距离晨点的时间越来越近,一千默默返回机要室,将已逐渐开始出现鬼魂的奈何桥抛在身后。
机要室内如同往常般阴冷,他刚走进去,就听见2000激动的哑嗓子响了起来,“主人!主人!你可回来了?我担心了一个晚上,以为你又会像从前那样一声不响地消失。如果是那样……”
“我是机要员,不管发生什么事,工作总归是要做的。”一千打断它的唠叨,迈步走出扫描间。
“天,这又是怎么了?工作的话要是放在从前,打死他都不会说吧?而且,他的各项数据都差得不能再差,还光着身子乱跑。
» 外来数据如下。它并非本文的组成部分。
Lemma implicit_increment_error P Q A B eta h k m dPhi :
  B <> 0 -> 0 <= eta -> 2 * eta <= Rabs B ->
  Rabs (m - A * h - B * k) <= eta * l1norm h k ->
  Rabs (dPhi - P * h - Q * k) <= eta * l1norm h k ->
  Rabs (dPhi - (P - Q * A / B) * h - Q / B * m)
    <= eta * ((1 + Rabs (Q / B)) * ((2 * Rabs A + 2 * Rabs B + 2) / Rabs B)) * l1norm h m.
Proof.
  intros HB Heta HetaB Hg HPhi.
  assert (Hb : 0 < Rabs B) by (apply Rabs_pos_lt; auto).
  set (L := (2 * Rabs A + 2 * Rabs B + 2) / Rabs B).
  assert (Hhk : l1norm h k <= L * l1norm h m).
  { unfold L; apply (Rmult_le_reg_l (Rabs B)); auto.
    replace (Rabs B * ((2 * Rabs A + 2 * Rabs B + 2) / Rabs B * l1norm h m))
      with ((2 * Rabs A + 2 * Rabs B + 2) * l1norm h m) by (field; lra).
    apply (implicit_increment_bound A B eta); auto. }
  replace (dPhi - (P - Q * A / B) * h - Q / B * m)
    with ((dPhi - P * h - Q * k) + - (Q / B) * (m - A * h - B * k)) by (field; auto).
  eapply Rle_trans; [apply Rabs_triang|]; rewrite Rabs_mult, Rabs_Ropp.
  pose proof (l1norm_ge0 h k); pose proof (Rabs_pos (Q / B)).
  apply Rle_trans with (eta * (1 + Rabs (Q / B)) * l1norm h k); [nra|].
  rewrite <- Rmult_assoc, (Rmult_assoc (eta * (1 + Rabs (Q / B)))).
  apply Rmult_le_compat_l; [nra | auto].
Qed.

Lemma is_diff2_implicit (Phi g om : R -> R -> R) x0 w0 P Q A B :
  B <> 0 -> is_diff2 Phi x0 w0 P Q -> is_diff2 g x0 w0 A B ->
  om x0 (g x0 w0) = w0 ->
  (forall e, 0 < e -> exists d, 0 < d /\ forall h m, Rabs h < d -> Rabs m < d ->
     Rabs (om (x0 + h) (g x0 w0 + m) - w0) < e /\
     g (x0 + h) (om (x0 + h) (g x0 w0 + m)) = g x0 w0 + m) ->
  is_diff2 (fun x W => Phi x (om x W)) x0 (g x0 w0) (P - Q * A / B) (Q / B).
Proof.
  intros HB HPhi Hg Hom0 Hom eps He.
  assert (Hb : 0 < Rabs B) by (apply Rabs_pos_lt; auto).
  set (KL := (1 + Rabs (Q / B)) * ((2 * Rabs A + 2 * Rabs B + 2) / Rabs B)).
  assert (HKL : 0 < KL).
  { unfold KL; pose proof (Rabs_pos (Q / B)); pose proof (Rabs_pos A).
    apply Rmult_lt_0_compat; [lra | apply Rdiv_lt_0_compat; lra]. }
  set (eta := Rmin (Rabs B / 2) (eps / KL)).
  assert (Heta : 0 < eta) by (apply Rmin_pos; [lra | apply Rdiv_lt_0_compat; lra]).
  assert (HetaB : 2 * eta <= Rabs B) by (unfold eta; pose proof (Rmin_l (Rabs B / 2) (eps / KL)); lra).
  assert (HetaKL : eta * KL <= eps).
  { apply Rle_trans with (eps / KL * KL); [|right; field; lra].
    apply Rmult_le_compat_r; [lra | apply Rmin_r]. }
  destruct (Hg eta Heta) as [da [Hda Ha]]; destruct (HPhi eta Heta) as [dp [Hdp Hp]].
  destruct (Hom (Rmin da dp) ltac:(apply Rmin_pos; auto)) as [d1 [Hd1 Hc]].
  exists (Rmin d1 (Rmin da dp)); split; [repeat apply Rmin_pos; auto|].
  intros h m Hh Hm.
  pose proof (Rmin_l d1 (Rmin da dp)); pose proof (Rmin_r d1 (Rmin da dp)).
  pose proof (Rmin_l da dp); pose proof (Rmin_r da dp).
  destruct (Hc h m ltac:(lra) ltac:(lra)) as [Hk Hsol].
  set (k := om (x0 + h) (g x0 w0 + m) - w0) in Hk.
  replace (om (x0 + h) (g x0 w0 + m)) with (w0 + k) in * by (unfold k; ring).
  rewrite Hom0.
  specialize (Ha h k ltac:(lra) ltac:(lra)); specialize (Hp h k ltac:(lra) ltac:(lra)).
  rewrite Hsol in Ha.
  replace (g x0 w0 + m - g x0 w0 - A * h - B * k) with (m - A * h - B * k) in Ha by ring.
  eapply Rle_trans; [apply (implicit_increment_error P Q A B eta h k m); auto; lra|].
  apply Rmult_le_compat_r; [apply l1norm_ge0 | auto].
Qed.
(* Let $G$ be a finitely generated group with $\operatorname{Out}(G)$ finite. Then the automorphic growth function of $G$ is equivalent (under $\sim$) to its conjugacy growth function.
   Context: With respect to a finite generating set, the automorphic growth function sends $n$ to the number of $\operatorname{Aut}(G)$-orbits of $G$ containing an element of word length at most $n$, and the conjugacy growth function sends $n$ to the number of conjugacy classes containing an element of word length at most $n$. For non-decreasing non-zero $f,g\colon\mathbb{N}\to\mathbb{N}$, $f\preccurlyeq g$ means there is $\lambda\in\mathbb{N}\setminus\{0\}$ with $f(n)\le\lambda g(\lambda n+\lambda)+\lambda$ for all $n$, and $f\sim g$ means $f\preccurlyeq g$ and $g\preccurlyeq f$. *)

From Stdlib Require Import List Arith ClassicalEpsilon.
Import ListNotations.

Record Group := {
  carrier :> Type;
  gmul : carrier -> carrier -> carrier;
  ginv : carrier -> carrier;
  gone : carrier;
  gmulA : forall x y z, gmul x (gmul y z) = gmul (gmul x y) z;
  gmul1l : forall x, gmul gone x = x;
  gmul1r : forall x, gmul x gone = x;
  gmulVl : forall x, gmul (ginv x) x = gone;
  gmulVr : forall x, gmul x (ginv x) = gone
}.

Arguments gmul {G} : rename.
Arguments ginv {G} : rename.
Arguments gone {G} : rename.

Section Defs.
Variable G : Group.

Definition eval_word (w : list G) : G := fold_right gmul gone w.

Definition alphabet (S : list G) : list G := S ++ map ginv S.

Fixpoint words_upto (A : list G) (n : nat) : list (list G) :=
  match n with
  | 0 => [nil]
  | S m => nil :: flat_map (fun a => map (cons a) (words_upto A m)) A
  end.

Definition generates (S : list G) : Prop :=
  forall x : G, exists w : list G,
    (forall a, In a w -> In a (alphabet S)) /\ eval_word w = x.

Definition finitely_generated : Prop := exists S : list G, generates S.

(* elements of word length at most n w.r.t. S (with repetitions) *)
Definition ball (S : list G) (n : nat) : list G :=
  map eval_word (words_upto (alphabet S) n).

Definition is_hom (f : G -> G) : Prop := forall x y, f (gmul x y) = gmul (f x) (f y).
Definition is_aut (f : G -> G) : Prop :=
  is_hom f /\ (forall x y, f x = f y -> x = y) /\ (forall y, exists x, f x = y).

Definition conj_by (g x : G) : G := gmul (gmul g x) (ginv g).

(* Out(G) = Aut(G)/Inn(G) is finite: Aut(G) is a finite union of cosets
   phi ∘ Inn(G) *)
Definition Out_finite : Prop :=
  exists l : list (G -> G), (forall phi, In phi l -> is_aut phi) /\
    forall a, is_aut a -> exists phi, In phi l /\
      exists g : G, forall x, a x = phi (conj_by g x).

Definition aut_equiv (x y : G) : Prop := exists a, is_aut a /\ a x = y.
Definition conjugate (x y : G) : Prop := exists g, conj_by g x = y.

(* number of R-classes meeting a list (R assumed an equivalence relation) *)
Fixpoint count_classes (R : G -> G -> Prop) (s : list G) : nat :=
  match s with
  | nil => 0
  | x :: s' =>
    if excluded_middle_informative (exists y, In y s' /\ R x y)
    then count_classes R s' else S (count_classes R s')
  end.

Definition automorphic_growth (S : list G) (n : nat) : nat :=
  count_classes aut_equiv (ball S n).
Definition conjugacy_growth (S : list G) (n : nat) : nat :=
  count_classes conjugate (ball S n).
End Defs.

Definition growth_le (f g : nat -> nat) : Prop :=
  exists lam : nat, 0 < lam /\ forall n, f n <= lam * g (lam * n + lam) + lam.
Definition growth_equiv (f g : nat -> nat) : Prop := growth_le f g /\ growth_le g f.

(* Conjugate elements are automorphic, so every automorphism class is a union
   of conjugacy classes; conversely, if Aut(G) = phi_1 Inn(G) u ... u phi_k Inn(G),
   then the automorphism class of r consists of the conjugacy classes of
   phi_1 r, ..., phi_k r.  Counting classes meeting a ball therefore gives
   a(n) <= c(n) <= k a(n) for the two growth functions, and both are
   nondecreasing in n. *)
From Stdlib Require Import List Arith Lia RelationClasses ClassicalEpsilon.

Arguments gmulA {_}.
Arguments gmul1l {_}.
Arguments gmul1r {_}.
Arguments gmulVl {_}.
Arguments gmulVr {_}.

Section GroupFacts.
Variable G : Group.

Lemma inv_unique (x y : G) : gmul x y = gone -> y = ginv x.
Proof.
  intro Hxy. rewrite <- (gmul1l y), <- (gmulVl x), <- gmulA, Hxy, gmul1r.
  reflexivity.
Qed.

Lemma inv_mul (x y : G) : ginv (gmul x y) = gmul (ginv y) (ginv x).
Proof.
  symmetry; apply inv_unique.
  rewrite <- gmulA, (gmulA y), gmulVr, gmul1l, gmulVr. reflexivity.
Qed.

Lemma inv_one : ginv (@gone G) = gone.
Proof. symmetry; apply inv_unique, gmul1l. Qed.

Lemma conj_by_mul (g h x : G) :
  conj_by G g (conj_by G h x) = conj_by G (gmul g h) x.
Proof. unfold conj_by. rewrite inv_mul, !gmulA. reflexivity. Qed.

Lemma conj_by_one (x : G) : conj_by G gone x = x.
Proof. unfold conj_by. rewrite inv_one, gmul1l, gmul1r. reflexivity. Qed.

Lemma conj_byK (g x : G) : conj_by G (ginv g) (conj_by G g x) = x.
Proof. rewrite conj_by_mul, gmulVl, conj_by_one. reflexivity. Qed.

Lemma conj_byVK (g x : G) : conj_by G g (conj_by G (ginv g) x) = x.
Proof. rewrite conj_by_mul, gmulVr, conj_by_one. reflexivity. Qed.

Lemma conj_by_aut (g : G) : is_aut G (conj_by G g).
Proof.
  split; [|split].
  - intros x y. unfold conj_by.
    rewrite !gmulA, <- (gmulA _ (ginv g) g), gmulVl, gmul1r. reflexivity.
  - intros x y Hxy. rewrite <- (conj_byK g x), <- (conj_byK g y), Hxy.
    reflexivity.
  - intro y. exists (conj_by G (ginv g) y). apply conj_byVK.
Qed.

Lemma hom_one (f : G -> G) : is_hom G f -> f gone = gone.
Proof.
  intro Hf.
  assert (He : gmul (f gone) (f gone) = f gone) by (rewrite <- Hf, gmul1l; reflexivity).
  transitivity (gmul (ginv (f gone)) (gmul (f gone) (f gone))).
  - rewrite gmulA, gmulVl, gmul1l. reflexivity.
  - rewrite He. apply gmulVl.
Qed.

Lemma hom_inv (f : G -> G) (x : G) : is_hom G f -> f (ginv x) = ginv (f x).
Proof. intro Hf. apply inv_unique. rewrite <- Hf, gmulVr. apply hom_one, Hf. Qed.

Lemma hom_conj (f : G -> G) (g x : G) : is_hom G f ->
  f (conj_by G g x) = conj_by G (f g) (f x).
Proof. intro Hf. unfold conj_by. rewrite !Hf, hom_inv by exact Hf. reflexivity. Qed.

Lemma aut_inverse (f : G -> G) : is_aut G f ->
  exists f', is_aut G f' /\ forall x, f' (f x) = x.
Proof.
  intros [Hhom [Hinj Hsurj]].
  destruct (choice (fun y x => f x = y) Hsurj) as [f' Hf'].
  assert (Hf'K : forall x, f' (f x) = x) by (intro x; apply Hinj, Hf').
  exists f'. split; [split; [|split]|]; auto.
  - intros x y. apply Hinj. rewrite Hhom, !Hf'. reflexivity.
  - intros x y Hxy. rewrite <- (Hf' x), <- (Hf' y), Hxy. reflexivity.
  - intro y. exists (f y). apply Hf'K.
Qed.

Lemma aut_comp (f f' : G -> G) : is_aut G f -> is_aut G f' ->
  is_aut G (fun x => f' (f x)).
Proof.
  intros [Hhom [Hinj Hsurj]] [Hhom' [Hinj' Hsurj']].
  split; [|split].
  - intros x y. rewrite Hhom, Hhom'. reflexivity.
  - intros x y Hxy. apply Hinj, Hinj', Hxy.
  - intro z. destruct (Hsurj' z) as [y <-]. destruct (Hsurj y) as [x <-].
    exists x. reflexivity.
Qed.

#[global] Instance aut_equiv_equiv : Equivalence (aut_equiv G).
Proof.
  split.
  - intro x. exists (conj_by G gone). split; [apply conj_by_aut | apply conj_by_one].
  - intros x y [f [Hf <-]]. destruct (aut_inverse f Hf) as [f' [Hf' Hf'K]].
    exists f'. auto.
  - intros x y z [f [Hf <-]] [f' [Hf' <-]].
    exists (fun x => f' (f x)). split; [apply aut_comp; assumption | reflexivity].
Qed.

#[global] Instance conjugate_equiv : Equivalence (conjugate G).
Proof.
  split.
  - intro x. exists gone. apply conj_by_one.
  - intros x y [g <-]. exists (ginv g). apply conj_byK.
  - intros x y z [g <-] [h <-]. exists (gmul h g). symmetry. apply conj_by_mul.
Qed.

Lemma conjugate_aut_equiv (x y : G) : conjugate G x y -> aut_equiv G x y.
Proof. intros [g Hg]. exists (conj_by G g). split; [apply conj_by_aut | exact Hg]. Qed.

Lemma aut_equiv_conjugate_image (l : list (G -> G)) :
  (forall phi, In phi l -> is_hom G phi) ->
  (forall a, is_aut G a -> exists phi, In phi l /\
     exists g, forall x, a x = phi (conj_by G g x)) ->
  forall r x, aut_equiv G r x -> exists phi, In phi l /\ conjugate G x (phi r).
Proof.
  intros Hhom Hcoset r x [a [Ha <-]].
  destruct (Hcoset a Ha) as [phi [Hphi [g Hg]]].
  exists phi. split; [exact Hphi|].
  exists (ginv (phi g)). rewrite Hg, hom_conj by auto. apply conj_byK.
Qed.

End GroupFacts.

Section Balls.
Variable G : Group.

Lemma words_upto_incl (A : list G) (n : nat) :
  incl (words_upto G A n) (words_upto G A (S n)).
Proof.
  induction n as [|n IHn]; intros w Hw.
  - destruct Hw as [<-|[]]. left. reflexivity.
  - destruct Hw as [<-|Hw]; [left; reflexivity|].
    apply in_flat_map in Hw as [a [Ha Hw]]. apply in_map_iff in Hw as [w' [<- Hw']].
    right. apply in_flat_map. exists a. split; [exact Ha|].
    apply in_map, IHn, Hw'.
Qed.

Lemma ball_incl (S : list G) (m n : nat) : m <= n -> incl (ball G S m) (ball G S n).
Proof.
  induction 1 as [|n _ IH]; [apply incl_refl|].
  eapply incl_tran; [exact IH|]. apply incl_map, words_upto_incl.
Qed.

End Balls.

Section ClassCount.
Variable G : Group.
Variable R : G -> G -> Prop.
Context `{Equivalence G R}.

Definition covers (c s : list G) : Prop :=
  forall x, In x s -> exists y, In y c /\ R x y.

Lemma count_classes_reps (s : list G) :
  exists c, length c = count_classes G R s /\ covers c s.
Proof.
  induction s as [|x s [c [Hlen Hcov]]]; simpl.
  - exists nil. split; [reflexivity | intros ? []].
  - destruct (excluded_middle_informative _) as [[y [Hy Rxy]]|_].
    + exists c. split; [exact Hlen|].
      intros z [<-|Hz]; [|auto].
      destruct (Hcov y Hy) as [r [Hr Ryr]]. exists r. split; [exact Hr|].
      transitivity y; assumption.
    + exists (x :: c). split; [simpl; congruence|].
      intros z [<-|Hz]; [exists x; split; [left|]; reflexivity|].
      destruct (Hcov z Hz) as [r [Hr Rzr]]. exists r. split; [right|]; assumption.
Qed.

Lemma count_classes_le_cover (s c : list G) :
  covers c s -> count_classes G R s <= length c.
Proof.
  revert c. induction s as [|x s IHs]; intros c Hcov; simpl; [lia|].
  destruct (excluded_middle_informative _) as [_|Hnew].
  - apply IHs. intros z Hz. apply Hcov. right. exact Hz.
  - destruct (Hcov x (or_introl eq_refl)) as [r [Hr Rxr]].
    apply in_split in Hr as [c1 [c2 ->]].
    enough (count_classes G R s <= length (c1 ++ c2))
      by (rewrite !length_app in *; simpl; lia).
    apply IHs. intros z Hz. destruct (Hcov z (or_intror Hz)) as [y [Hy Rzy]].
    apply in_app_iff in Hy as [Hy|[<-|Hy]].
    + exists y. split; [apply in_app_iff; left|]; assumption.
    + exfalso. apply Hnew. exists z. split; [exact Hz|].
      transitivity r; [exact Rxr | symmetry; exact Rzy].
    + exists y. split; [apply in_app_iff; right|]; assumption.
Qed.

Lemma count_classes_incl (s t : list G) :
  incl s t -> count_classes G R s <= count_classes G R t.
Proof.
  intro Hst. destruct (count_classes_reps t) as [c [<- Hcov]].
  apply count_classes_le_cover. intros x Hx. apply Hcov, Hst, Hx.
Qed.

End ClassCount.

Arguments count_classes_reps {G R _} s.
Arguments count_classes_le_cover {G R _} s c.
Arguments count_classes_incl {G R _} s t.

Section ClassComparison.
Variable G : Group.
Variables R R' : G -> G -> Prop.
Context `{Equivalence G R} `{Equivalence G R'}.

Lemma count_classes_sub (s : list G) :
  (forall x y, R x y -> R' x y) -> count_classes G R' s <= count_classes G R s.
Proof.
  intro HRR'. destruct (count_classes_reps (R := R) s) as [c [<- Hcov]].
  apply count_classes_le_cover. intros x Hx.
  destruct (Hcov x Hx) as [y [Hy Rxy]]. exists y. auto.
Qed.

Lemma count_classes_le_images (fs : list (G -> G)) (s : list G) :
  (forall r x, R' r x -> exists f, In f fs /\ R x (f r)) ->
  count_classes G R s <= length fs * count_classes G R' s.
Proof.
  intro Himg. destruct (count_classes_reps (R := R') s) as [c [<- Hcov]].
  rewrite Nat.mul_comm,
    <- (flat_map_constant_length (fun r => map (fun f => f r) fs) c)
    by (intros; apply length_map).
  apply count_classes_le_cover. intros x Hx.
  destruct (Hcov x Hx) as [r [Hr Rxr]].
  destruct (Himg r x (symmetry Rxr)) as [f [Hf Rxfr]].
  exists (f r). split; [|exact Rxfr].
  apply in_flat_map. exists r. split; [exact Hr|]. apply (in_map (fun f => f r)), Hf.
Qed.

End ClassComparison.

Arguments count_classes_sub {G} R R' {_ _} s.
Arguments count_classes_le_images {G} R R' {_ _} fs s.

Lemma growth_le_of_le_mul (f g : nat -> nat) (c : nat) :
  (forall n, f n <= c * g n) -> (forall m n, m <= n -> g m <= g n) -> growth_le f g.
Proof.
  intros Hfg Hg. exists (S c). split; [lia|]. intro n.
  specialize (Hfg n). assert (g n <= g (S c * n + S c)) by (apply Hg; lia). nia.
Qed.

Theorem mainTheorem17 (G : Group) :
  finitely_generated G -> Out_finite G ->
  forall S : list G, generates G S ->
  growth_equiv (automorphic_growth G S) (conjugacy_growth G S).
Proof.
  (* Both bounds hold for every finite S. *)
  intros _ [l [Hl Hcoset]] S _.
  assert (Hhom : forall phi, In phi l -> is_hom G phi)
    by (intros phi Hphi; apply Hl, Hphi).
  split.
  - apply growth_le_of_le_mul with (c := 1).
    + intro n. rewrite Nat.mul_1_l.
      apply (count_classes_sub (conjugate G) (aut_equiv G)), conjugate_aut_equiv.
    + intros m n Hmn. apply count_classes_incl, ball_incl, Hmn.
  - apply growth_le_of_le_mul with (c := length l).
    + intro n. apply (count_classes_le_images (conjugate G) (aut_equiv G)).
      apply aut_equiv_conjugate_image; assumption.
    + intros m n Hmn. apply count_classes_incl, ball_incl, Hmn.
Qed.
头发染的颜色也太奇怪了吧!为什么是我最讨厌的黑色?”
2000自言自语,声量大到足以让它的主人听得一清二楚。但一千什么也没有解释,换上2000准备好的工作服,开始工作。
柳兰君果然没有在当天的晨点中现身,这让所有熟悉他的鬼魂都感到极其困惑。公务员们都交头接耳地议论纷纷,猜测模范员工柳兰君旷工的原因,也有同事在担心他这么做的不利后果。
而鲁科长则出离地愤怒了,他不能相信一向对待工作兢兢业业的放心属下竟然会在第一次违犯劳动纪律时就是“旷工”这种严重目无规章制度以及领导的行为。
在遍问公务员无果的情况下,鲁科长黑着脸威胁说要把这件事向前司长现任十殿秘书魏许汇报。公务员们都对这个说法嗤之以鼻,无视他的长脸,继续扎堆闲聊。
所有公务员都知道,自因“从业丸”事件受罚后,魏许早已威风扫地,虽然仍在担任较重要的秘书之职,但现在能真正把他当回事的已经没有几个人了。若是鲁科长能搬动叶欢叶代司长,也许会更有威慑力。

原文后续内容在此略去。